In the Cairo speech, nearly every historical allusion was nonfactual or inexact: the fraudulent claims that Muslims were responsible for European, Chinese, and Hindu discoveries; the notion that a Christian Córdoba was an example of Islamic tolerance during the Inquisition; the politically correct canard that the Renaissance and Enlightenment were fueled by Arab learning; the idea that abolition and civil rights in the United States were accomplished without violence — as if 600,000 did not die in the Civil War, or entire swaths of Detroit, Gary, Newark, and Los Angeles did not go up in flames in the 1960s.
Here we see the omnipotent influence of Obama’s multicultural creed: Western civilization is unexceptional in comparison with other cultures, and history must be the story of an ecumenical, global shared brotherhood.
The half-, and less-than-half, truth. At other times, Obama throws out historical references that are deliberately incomplete. To placate critical hosts, he evokes the American dropping of the bomb. But he is silent about the impossible choices for the Allies — after Japanese atrocities in Manchuria, Korea, the Philippines, Iwo Jima, and Okinawa — facing the necessity of stopping a Japanese imperial killing machine, determined to fight to the death.
He lectures about equivalent culpability between Muslims and Americans without mentioning American largess to Egypt, Jordan, and the Palestinians. He mostly ignores American military efforts to save Muslims in Afghanistan, Bosnia, Kosovo, Kuwait, and Somalia — and American criticism of Russia’s and China’s treatment of their own persecuted Muslim minorities.
When Obama contextualizes the United States’ treatment of Muslims, does he do so in comparison to the Chinese treatment of the Uighurs, the Russians in Chechnya and Afghanistan, or the European colonial experience in North Africa?

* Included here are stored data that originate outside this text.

(* Let $A\subseteq B$ be a ring extension (commutative rings with identity) with the finite character. Then every $B$-regular and locally principal ideal of $A$ is $B$-invertible.
   Context: For an $A$-submodule $S$ of $B$: $S$ is $B$-regular if $SB=B$; $S$ is $B$-invertible if there is an $A$-submodule $U$ of $B$ with $SU=A$. The extension $A\subseteq B$ has the finite character if every $B$-regular ideal of $A$ is contained in only finitely many maximal ideals of $A$. An ideal $\mathfrak a$ of $A$ is locally principal if $\mathfrak aA_{\mathfrak m}$ is principal for every maximal ideal $\mathfrak m$ of $A$. *)

(* A ring extension A ⊆ B is modelled by a commutative ring
   B : comRingType together with a subring A of B given as a predicate. *)
From mathcomp Require Import all_boot all_algebra.
Set Implicit Arguments. Unset Strict Implicit. Unset Printing Implicit Defensive.
Import GRing.Theory.
Local Open Scope ring_scope.

Section Ext.
Variables (B : comPzRingType) (A : B -> Prop).

Definition is_subring : Prop :=
  [/\ A 0, A 1, (forall x y, A x -> A y -> A (x - y)) &
      (forall x y, A x -> A y -> A (x * y))].

Definition is_Asubmodule (S : B -> Prop) : Prop :=
  [/\ S 0, (forall x y, S x -> S y -> S (x + y)) &
      (forall a x, A a -> S x -> S (a * x))].

Definition is_ideal (I : B -> Prop) : Prop :=
  is_Asubmodule I /\ (forall x, I x -> A x).

Definition prodmod (S T : B -> Prop) (x : B) : Prop :=
  exists n (s t : 'I_n -> B), (forall i, S (s i)) /\ (forall i, T (t i)) /\
    x = \sum_(i < n) s i * t i.

Definition B_regular (S : B -> Prop) : Prop :=
  forall x, prodmod S (fun _ => True) x.

Definition B_invertible (S : B -> Prop) : Prop :=
  exists U, is_Asubmodule U /\ (forall x, prodmod S U x <-> A x).

Definition is_maximal (m : B -> Prop) : Prop :=
  [/\ is_ideal m, ~ m 1 &
      forall J, is_ideal J -> (forall x, m x -> J x) ->
        (forall x, J x <-> m x) \/ J 1].

Definition finite_character : Prop :=
  forall I, is_ideal I -> B_regular I ->
    exists ms : seq (B -> Prop),
      forall m, is_maximal m -> (forall x, I x -> m x) ->
        exists2 k, (k < size ms)%N & forall x, m x <-> nth (fun _ => False) ms k x.

(* Localization A_m: elements are fractions a/s (a ∈ A, s ∈ A \ m),
   represented as pairs, with the usual equivalence. *)
Definition is_frac (m : B -> Prop) (p : B * B) : Prop :=
  A p.1 /\ A p.2 /\ ~ m p.2.

Definition frac_eq (m : B -> Prop) (p q : B * B) : Prop :=
  exists u, A u /\ ~ m u /\ u * (p.1 * q.2 - q.1 * p.2) = 0.

Definition in_ext (I m : B -> Prop) (p : B * B) : Prop :=
  exists x s, I x /\ A s /\ ~ m s /\ frac_eq m p (x, s).

Definition ext_principal (I m : B -> Prop) : Prop :=
  exists g, is_frac m g /\
    forall p, is_frac m p ->
      (in_ext I m p <->
       exists2 r, is_frac m r & frac_eq m p (g.1 * r.1, g.2 * r.2)).

Definition locally_principal (I : B -> Prop) : Prop :=
  forall m, is_maximal m -> ext_principal I m.

End Ext.

From mathcomp Require Import all_boot all_algebra.
From mathcomp Require Import boolp classical_sets ring.
Set Implicit Arguments. Unset Strict Implicit. Unset Printing Implicit Defensive.
Import GRing.Theory.
Local Open Scope classical_set_scope.
Local Open Scope ring_scope.

(* Write [1 = \sum_i x_i b_i] with [x_i] in [I]. The ideal of [A] generated by
   the [x_i] is still [B]-regular, so by finite character it lies in only finitely
   many maximal ideals; adding to the [x_i] one local generator of [I] at each of
   them gives a finite family generating [I] at every maximal ideal, hence
   globally. Let [U = (A :_B I)]. At a maximal ideal [m] with local generator [x],
   a common denominator [t] outside [m] gives [t I ⊆ x A]; writing [t x_i = x e_i],
   the element [c = \sum_i e_i b_i] of [B] satisfies [x c = t] and [t c ∈ U], so
   [t^2 = x (t c)] is an element of [I U] outside [m]. Thus [I U = A]. *)

Section SubringExtension.
Variables (B : comPzRingType) (A : B -> Prop).

Section Products.
Variables S T : B -> Prop.

Lemma prodmod_mul s t : S s -> T t -> prodmod S T (s * t).
Proof. by move=> Ss Tt; exists 1%N, (fun=> s), (fun=> t); rewrite big_ord1. Qed.

Lemma prodmod_min (K : B -> Prop) : is_Asubmodule A K ->
  (forall s t, S s -> T t -> K (s * t)) -> forall x, prodmod S T x -> K x.
Proof.
case=> K0 KD _ KST x [n [s [t [Ss [Tt ->]]]]].
by apply: (big_ind K) => // i _; apply: KST.
Qed.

When he cites European colonialism’s pernicious role in the Middle East, does he mention nearly 400 years of Ottoman Muslim colonial rule in the Arab-speaking world? Or the Muslim world’s own role in sending several million sub-Saharan Africans to the Middle East as slaves? By no stretch of the imagination is purported Western bias against Islam commensurate with the Islamic threats that have been issued to Danish cartoonists, British novelists, the pope, or German opera producers.
Obama surely knows that a mosque is acceptable in America and Europe in a way that a church is not in most of the Gulf States, or that Muslims freely voice their beliefs in Rotterdam and Dearborn in a way Westerners dare not in Tehran, Damascus, or Riyadh.

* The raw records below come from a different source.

(* The transversal speed is [D_i - D_j, edge j] times the scale of edge j at l0;
   in particular the edge j of P_(l0) is not degenerate. *)
Lemma edge_j_nondegenerate c3 :
  edge P (j + Z.of_nat n) = pscale c3 (edge P j) -> eq_factor c3 l0 <> 0.
Proof.
  intros Hc3.
  set (rho := cross (psub (diagonal n P i) (diagonal n P j)) (edge P j)).
  assert (Hd : d = eq_factor c3 l0 * rho).
  { apply (derivative_of_product_form (crossing_gap n P i j) l0 _ ((c3 - 1) * rho) d); [|exact Htransversal].
    intro y. unfold crossing_gap.
    rewrite (Peq_affine n P i l0 y), (Peq_affine n P j l0 y), Hvertex.
    rewrite (eeq_scaled n P j c3 y Hc3), (eeq_scaled n P j c3 l0 Hc3), gap_expansion.
    rewrite (eq_factor_shift c3 l0 y). fold rho. ring. }
  intros E. apply Hspeed. rewrite Hd, E. ring.
Qed.

Lemma branch_crossing k (Q : R -> Prop) delta :
  cross (psub (Peq n P k l0) (Peq n P i l0)) (eeq n P j l0) <> 0 ->
  near l0 Q -> 0 < delta ->
  exists l x, 0 < Rabs (l - l0) < delta /\ Q l /\
    in_seg (Peq n P j l) (Peq n P (j + 1) l) x /\ in_seg (Peq n P i l) (Peq n P k l) x.
Proof.
  intros Hnonpar HQ Hdelta.
  set (det := fun l => cross (psub (Peq n P k l) (Peq n P i l)) (psub (Peq n P (j + 1) l) (Peq n P j l))).
  set (r := fun l => - / det l).
  set (sigma := fun l => cross (psub (Peq n P j l) (Peq n P i l))
                               (psub (Peq n P k l) (Peq n P i l)) / det l).
  assert (Hdet : det l0 <> 0) by exact Hnonpar.
  assert (Hsigma0 : sigma l0 = s0).
  { unfold sigma. rewrite Hvertex at 1.
    change (det l0) with (cross (psub (Peq n P k l0) (Peq n P i l0)) (eeq n P j l0)).
    replace (psub (Peq n P j l0) (padd (Peq n P j l0) (pscale s0 (eeq n P j l0))))
      with (pscale (- s0) (eeq n P j l0)) by (coords; f_equal; ring).
    rewrite cross_scale_l, (cross_anti (eeq n P j l0)).
    field. exact Hnonpar. }
  destruct (transversal_window (crossing_gap n P i j) r sigma Q l0 d delta
              Htransversal Hspeed gap_zero) as [l (Hl & Htau & Hsig & HQl)]; auto.
  - apply continuity_pt_opp, continuity_pt_inv; [apply Peq_continuous_cross | exact Hdet].
  - unfold r. apply Ropp_neq_0_compat, Rinv_neq_0_compat, Hdet.
  - apply continuity_pt_div; [apply Peq_continuous_cross | apply Peq_continuous_cross | exact Hdet].
  - rewrite Hsigma0; exact Hs0.
  - assert (Hdetl : det l <> 0).
    { intro E. unfold r in Htau. rewrite E, Rinv_0 in Htau. lra. }
    set (tau := crossing_gap n P i j l * r l) in Htau.
    assert (Hmeet : padd (Peq n P i l) (pscale tau (psub (Peq n P k l) (Peq n P i l))) =
                    padd (Peq n P j l) (pscale (sigma l) (psub (Peq n P (j + 1) l) (Peq n P j l)))).
    { apply line_crossing; [exact Hdetl| |].
      - change (cross (psub (Peq n P k l) (Peq n P i l)) (psub (Peq n P (j + 1) l) (Peq n P j l)))
          with (det l).
        unfold tau, r, crossing_gap, eeq.
        rewrite (cross_psub_swap (Peq n P i l) (Peq n P j l)). field. exact Hdetl.
      - change (cross (psub (Peq n P k l) (Peq n P i l)) (psub (Peq n P (j + 1) l) (Peq n P j l)))
          with (det l).
        unfold sigma. field. exact Hdetl. }
    exists l, (padd (Peq n P i l) (pscale tau (psub (Peq n P k l) (Peq n P i l)))).
    split; [exact Hl|]. split; [exact HQl|]. split.
    + exists (sigma l). split; [lra | exact Hmeet].
    + exists tau. split; [lra | reflexivity].
Qed.

Lemma branch_minus_side c1 l x :
  edge P (i - 1 + Z.of_nat n) = pscale c1 (edge P (i - 1)) ->
  crossing_gap n P i j l <> 0 -> Gamma_minus n P i j l x ->
  exists t, 0 < t /\
    diag_side n P i x = t * (eq_factor c1 l * cross (edge P (i - 1)) (diagonal n P i)).
Proof.
  intros Hc1 Hgap [Hj Hi].
  destruct (side_on_prev_edge n P i l x Hi) as [t (Ht & Hvert & Hside)].
  exists t; split.
  - destruct (Rle_lt_or_eq _ _ (proj1 Ht)) as [Hpos|E]; [exact Hpos|].
    exfalso. apply Hgap. rewrite (Hvert (eq_sym E)) in Hj. exact (in_seg_on_line _ _ _ Hj).
  - now rewrite Hside, (edge_diag_cross n P i (i - 1) c1 l Hc1).
Qed.

Lemma branch_plus_side c2 l x :
  edge P (i + Z.of_nat n) = pscale c2 (edge P i) ->
  crossing_gap n P i j l <> 0 -> Gamma_plus n P i j l x ->
  exists t, 0 < t /\
    diag_side n P i x = - t * (eq_factor c2 l * cross (edge P i) (diagonal n P i)).
Proof.
  intros Hc2 Hgap [Hj Hi].
  destruct (side_on_next_edge n P i l x Hi) as [t (Ht & Hvert & Hside)].
  exists t; split.
  - destruct (Rle_lt_or_eq _ _ (proj1 Ht)) as [Hpos|E]; [exact Hpos|].
    exfalso. apply Hgap. rewrite (Hvert (eq_sym E)) in Hj. exact (in_seg_on_line _ _ _ Hj).
  - now rewrite Hside, (edge_diag_cross n P i i c2 l Hc2).
Qed.

Lemma cusp_of_negative_f :
  feq n P i l0 < 0 ->
  exists eps, 0 < eps /\ exists s, (s = 1 \/ s = -1) /\
    forall l x, 0 < Rabs (l - l0) < eps ->
      (Gamma_minus n P i j l x \/ Gamma_plus n P i j l x) ->
      in_open_halfplane_di n P i s x.
Proof.
  intros Hneg.
  destruct (opposite_edges_antiparallel n P HP (i - 1)) as [c1 [_ Hc1]].
  destruct (opposite_edges_antiparallel n P HP i) as [c2 [_ Hc2]].
  pose proof (diagonal_left_of_prev_edge n P HP i) as HK1.
  pose proof (diagonal_left_of_next_edge n P HP i) as HK2.
  pose proof (left_turn_prev n P HP i) as Hturn.
  unfold feq in Hneg. rewrite (eeq_cross n P (i - 1) i c1 c2 l0 Hc1 Hc2) in Hneg.
  assert (Ha12 : eq_factor c1 l0 * eq_factor c2 l0 < 0) by nra.
  assert (Ha1 : eq_factor c1 l0 <> 0) by (intro E; rewrite E in Ha12; lra).
  assert (Ha2 : eq_factor c2 l0 <> 0) by (intro E; rewrite E in Ha12; lra).
  destruct (near_and _ _ _ vertex_off_edge_line
             (near_and _ _ _ (near_sign _ l0 (eq_factor_continuous c1 l0) Ha1)
                             (near_sign _ l0 (eq_factor_continuous c2 l0) Ha2)))
    as [eps [Heps Hnear]].
  destruct (unit_sign _ Ha1) as [s [Hs Hsa1]].
  exists eps; split; [exact Heps|]. exists s; split; [exact Hs|].
  intros l x [Hl0 Hl] Hx. change (0 < s * diag_side n P i x).
  destruct (Hnear l Hl) as (Hgap & Hsign1 & Hsign2).
  assert (Hll0 : l <> l0) by (intro E; subst; rewrite Rminus_diag, Rabs_R0 in Hl0; lra).
  specialize (Hgap Hll0).
  assert (Hside1 : 0 < s * eq_factor c1 l) by (destruct Hs as [-> | ->]; nra).
  assert (Hside2 : 0 < - s * eq_factor c2 l) by (destruct Hs as [-> | ->]; nra).
  destruct Hx as [Hx|Hx].
  - destruct (branch_minus_side c1 l x Hc1 Hgap Hx) as [t [Ht ->]].
    now apply positive_triple.
  - destruct (branch_plus_side c2 l x Hc2 Hgap Hx) as [t [Ht ->]].
    replace (s * (- t * (eq_factor c2 l * cross (edge P i) (diagonal n P i))))
      with (- s * (t * (eq_factor c2 l * cross (edge P i) (diagonal n P i)))) by ring.
    now apply positive_triple.
Qed.

Lemma gamma_minus_nonempty c1 c3 eps :
  edge P (i - 1 + Z.of_nat n) = pscale c1 (edge P (i - 1)) ->
  edge P (j + Z.of_nat n) = pscale c3 (edge P j) ->
  cross (edge P j) (edge P (i - 1)) <> 0 -> eq_factor c1 l0 <> 0 -> 0 < eps ->
  exists l x, 0 < Rabs (l - l0) < eps /\ 0 < eq_factor c1 l * eq_factor c1 l0 /\
    Gamma_minus n P i j l x.
Proof.
  intros Hc1 Hc3 Hpar Ha1 Heps.
  destruct (branch_crossing (i - 1) (fun y => 0 < eq_factor c1 y * eq_factor c1 l0) eps)
    as [l [x (Hl & Hsign & Hxj & Hxi)]];
    [| exact (near_sign _ l0 (eq_factor_continuous c1 l0) Ha1) | exact Heps |].
  - rewrite cross_psub_swap, <- eeq_prev, cross_anti, Ropp_involutive,
      (eeq_cross n P j (i - 1) c3 c1 l0 Hc3 Hc1).
    pose proof (edge_j_nondegenerate c3 Hc3).
    repeat apply Rmult_integral_contrapositive_currified; assumption.
  - exists l, x. split; [exact Hl|]. split; [exact Hsign|].
    split; [exact Hxj | now apply in_seg_sym].
Qed.

Lemma gamma_plus_nonempty c2 c3 eps :
  edge P (i + Z.of_nat n) = pscale c2 (edge P i) ->
  edge P (j + Z.of_nat n) = pscale c3 (edge P j) ->
  cross (edge P j) (edge P i) <> 0 -> eq_factor c2 l0 <> 0 -> 0 < eps ->
  exists l x, 0 < Rabs (l - l0) < eps /\ 0 < eq_factor c2 l * eq_factor c2 l0 /\
    Gamma_plus n P i j l x.
Proof.
  intros Hc2 Hc3 Hpar Ha2 Heps.
  destruct (branch_crossing (i + 1) (fun y => 0 < eq_factor c2 y * eq_factor c2 l0) eps)
    as [l [x (Hl & Hsign & Hxj & Hxi)]];
    [| exact (near_sign _ l0 (eq_factor_continuous c2 l0) Ha2) | exact Heps |].
  - change (cross (eeq n P i l0) (eeq n P j l0) <> 0).
    rewrite cross_anti, (eeq_cross n P j i c3 c2 l0 Hc3 Hc2).
    pose proof (edge_j_nondegenerate c3 Hc3).
    apply Ropp_neq_0_compat.
    repeat apply Rmult_integral_contrapositive_currified; assumption.
  - exists l, x. split; [exact Hl|]. split; [exact Hsign|]. split; assumption.
Qed.

Lemma side_sign_minus c1 l x s :
  edge P (i - 1 + Z.of_nat n) = pscale c1 (edge P (i - 1)) ->
  Gamma_minus n P i j l x -> 0 < s * diag_side n P i x -> 0 < s * eq_factor c1 l.
Proof.
  intros Hc1 [_ Hi] Hside.
  destruct (side_on_prev_edge n P i l x Hi) as [t (Ht & _ & E)].
  rewrite E, (edge_diag_cross n P i (i - 1) c1 l Hc1) in Hside.
  apply (sign_of_triple s t _ _ (proj1 Ht) (diagonal_left_of_prev_edge n P HP i) Hside).
Qed.

Lemma side_sign_plus c2 l x s :
  edge P (i + Z.of_nat n) = pscale c2 (edge P i) ->
  Gamma_plus n P i j l x -> 0 < s * diag_side n P i x -> 0 < - s * eq_factor c2 l.
Proof.
  intros Hc2 [_ Hi] Hside.
  destruct (side_on_next_edge n P i l x Hi) as [t (Ht & _ & E)].
  rewrite E, (edge_diag_cross n P i i c2 l Hc2) in Hside.
  replace (s * (- t * (eq_factor c2 l * cross (edge P i) (diagonal n P i))))
    with (- s * (t * (eq_factor c2 l * cross (edge P i) (diagonal n P i)))) in Hside by ring.
  apply (sign_of_triple (- s) t _ _ (proj1 Ht) (diagonal_left_of_next_edge n P HP i) Hside).
Qed.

Here we see the classic notion of the “noble lie,” or the assumption that facts are to be cited or ignored in accordance with the intended aim: Interfaith reconciliation means downplaying Muslim excesses, or treating Islamic felonies as equivalent with Western misdemeanors.
Why has President Obama developed a general disregard for the truth, in a manner far beyond typical politicians who run one way and govern another, or hide failures and broadcast successes?

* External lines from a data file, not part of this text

(* Let $\Bbbk$ be an algebraically closed field and let $g(x),h(x)$ be polynomials with nonnegative integer coefficients. Let $A$ be a finite-dimensional associative $\Bbbk$-algebra and $\mathrm{F}$ an exact endofunctor of $A\text{-}\mathrm{mod}$ with $g(\mathrm{F})\cong h(\mathrm{F})$. Let $B$ be a finite-dimensional associative $\Bbbk$-algebra, $C=A\otimes_\Bbbk B$, and $\mathrm{G}=\mathrm{F}\boxtimes\mathrm{ID}_B$. Then: (i) $\mathrm{G}$ is selfadjoint if and only if $\mathrm{F}$ is selfadjoint; (ii) $g(\mathrm{G})\cong h(\mathrm{G})$.
   Context: Module categories consist of finite-dimensional left modules; functors are additive and $\Bbbk$-linear. For a polynomial $p(x)=\sum_j c_jx^j$ with $c_j\in\mathbb{Z}_{\geq0}$, $p(\mathrm{F})$ denotes $\bigoplus_j c_j\mathrm{F}^j$, with $\mathrm{F}^0=\mathrm{ID}$, $\mathrm{F}^j$ the $j$-fold composite, and $c\,\mathrm{H}$ the direct sum of $c$ copies of $\mathrm{H}$. The external tensor product $\mathrm{G}=\mathrm{F}\boxtimes\mathrm{ID}_B$ is the endofunctor of $C\text{-}\mathrm{mod}$ defined as follows: a $C$-module $X$ is viewed as an $A$-module together with an action of $B$ by $A$-endomorphisms $\psi_b$, $b\in B$; then $\mathrm{G}X$ is the $A$-module $\mathrm{F}X$ with $B$ acting by $\mathrm{F}\psi_b$, and $\mathrm{G}$ acts on morphisms as $\mathrm{F}$. A functor is selfadjoint if it is left adjoint to itself. *)

From HB Require Import structures.
From mathcomp Require Import all_boot all_order all_algebra all_field.
Set Implicit Arguments. Unset Strict Implicit. Unset Printing Implicit Defensive.
Import GRing.Theory.
Local Open Scope ring_scope.

(* Finite-dimensional modules are encoded concretely: a module is a natural
   number [mdim] (the k-dimension) together with matrices [mact t] giving the
   action of "generators" t : T on column vectors k^mdim.  For A-modules,
   T = A; for C = A (x) B modules, T = A + B (the action of a (x) 1 and of
   1 (x) b).  Morphisms X -> Y are matrices 'M_(dim Y, dim X) (acting on
   column vectors) intertwining the actions; composition is *m. *)

Record mdata (K : fieldType) (T : Type) := MData {
  mdim : nat;
  mact : T -> 'M[K]_mdim }.

Definition is_hom (K : fieldType) (T : Type) (X Y : mdata K T)
  (f : 'M[K]_(mdim Y, mdim X)) : Prop :=
  forall t, f *m mact X t = mact Y t *m f.

Definition is_amod (K : fieldType) (A : falgType K) (X : mdata K A) : Prop :=
  [/\ forall (c : K) (a b : A), mact X (c *: a + b) = c *: mact X a + mact X b,
      mact X 1 = 1%:M
    & forall a b : A, mact X (a * b) = mact X a *m mact X b].

Definition resA (K : fieldType) (A B : Type) (X : mdata K (A + B)) : mdata K A :=
  @MData K A (mdim X) (fun a => mact X (inl a)).
Definition resB (K : fieldType) (A B : Type) (X : mdata K (A + B)) : mdata K B :=
  @MData K B (mdim X) (fun b => mact X (inr b)).

(* X is a module over C = A (x)_k B: an A-module with a commuting action of B
   (i.e. B acting by A-endomorphisms) *)
Definition is_cmod (K : fieldType) (A B : falgType K) (X : mdata K (A + B)) : Prop :=
  [/\ is_amod (resA X), is_amod (resB X)
    & forall (a : A) (b : B), mact X (inl a) *m mact X (inr b) = mact X (inr b) *m mact X (inl a)].

Record fdata (K : fieldType) (T : Type) := FData {
  fobj : mdata K T -> mdata K T;
  fmap : forall X Y : mdata K T,
     'M[K]_(mdim Y, mdim X) -> 'M[K]_(mdim (fobj Y), mdim (fobj X)) }.
Arguments fmap {K T} f {X Y}.

Section Cat.
Variables (K : fieldType) (T : Type) (P : mdata K T -> Prop).

Definition is_functor (F : fdata K T) : Prop :=
  [/\ forall X, P X -> P (fobj F X),
      forall X Y f, P X -> P Y -> @is_hom K T X Y f -> is_hom (fmap F f),
      forall X, P X -> fmap F (1%:M : 'M_(mdim X)) = 1%:M,
      forall X Y Z (f : 'M_(mdim Y, mdim X)) (g : 'M_(mdim Z, mdim Y)),
        P X -> P Y -> P Z -> is_hom f -> is_hom g ->
        fmap F (g *m f) = fmap F g *m fmap F f
    & forall X Y (c : K) (f g : 'M_(mdim Y, mdim X)),
        P X -> P Y -> is_hom f -> is_hom g ->
        fmap F (c *: f + g) = c *: fmap F f + fmap F g].

Definition short_exact (X Y Z : mdata K T) (f : 'M[K]_(mdim Y, mdim X))
  (g : 'M[K]_(mdim Z, mdim Y)) : Prop :=
  [/\ is_hom f /\ is_hom g, \rank f = mdim X, \rank g = mdim Z,
      g *m f = 0 & (\rank f + \rank g)%N = mdim Y].

Definition exact_functor (F : fdata K T) : Prop :=
  forall X Y Z f g, P X -> P Y -> P Z -> @short_exact X Y Z f g ->
    short_exact (fmap F f) (fmap F g).

Definition natiso (F1 F2 : fdata K T) : Prop :=
  exists (eta : forall X, 'M[K]_(mdim (fobj F2 X), mdim (fobj F1 X)))
         (theta : forall X, 'M[K]_(mdim (fobj F1 X), mdim (fobj F2 X))),
    (forall X, P X -> [/\ is_hom (eta X), is_hom (theta X),
                          eta X *m theta X = 1%:M & theta X *m eta X = 1%:M]) /\
    (forall X Y (f : 'M_(mdim Y, mdim X)), P X -> P Y -> is_hom f ->
        eta Y *m fmap F1 f = fmap F2 f *m eta X).

(* F is left adjoint to G: a bijection Hom(F X, Y) ~= Hom(X, G Y), natural
   in X and Y *)
Definition adjoint (F G : fdata K T) : Prop :=
  exists (phi : forall X Y, 'M[K]_(mdim Y, mdim (fobj F X)) ->
                            'M[K]_(mdim (fobj G Y), mdim X))
         (psi : forall X Y, 'M[K]_(mdim (fobj G Y), mdim X) ->
                            'M[K]_(mdim Y, mdim (fobj F X))),
    [/\ forall X Y u, P X -> P Y -> is_hom u ->
          is_hom (phi X Y u) /\ psi X Y (phi X Y u) = u,
        forall X Y v, P X -> P Y -> is_hom v ->
          is_hom (psi X Y v) /\ phi X Y (psi X Y v) = v
      & forall X' X Y Y' (h : 'M_(mdim X, mdim X')) (u : 'M_(mdim Y, mdim (fobj F X)))
               (g : 'M_(mdim Y', mdim Y)),
          P X' -> P X -> P Y -> P Y' -> is_hom h -> is_hom u -> is_hom g ->
          phi X' Y' (g *m u *m fmap F h) = fmap G g *m phi X Y u *m h].

Definition selfadjoint (F : fdata K T) : Prop := adjoint F F.

End Cat.

Section FunctorOps.
Variables (K : fieldType) (T : Type).

Definition mzero : mdata K T := @MData K T 0 (fun _ => 0).
Definition msum (X Y : mdata K T) : mdata K T :=
  @MData K T (mdim X + mdim Y) (fun t => block_mx (mact X t) 0 0 (mact Y t)).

First, he has confidence that the media will not be censorious and will simply accept his fiction as fact. A satirist, after all, could not make up anything to match the obsequious journalists who bow to their president, proclaim him a god, and receive sexual-like tingles up their appendages.
Second, Obama is a postmodernist. He believes that all truth is relative, and that assertions gain or lose credibility depending on the race, class, and gender of the speaker. In Obama’s case, his misleading narrative is intended for higher purposes. Thus it is truthful in a way that accurate facts offered by someone of a different, more privileged class and race might not be.
Third, Obama talks more than almost any prior president, weighing in on issues from Stephen Colbert’s haircut, to Sean Hannity’s hostility, to the need to wash our hands. In Obama’s way of thinking, his receptive youthful audiences are proof of his righteousness and wisdom — and empower him to pontificate on matters he knows nothing about.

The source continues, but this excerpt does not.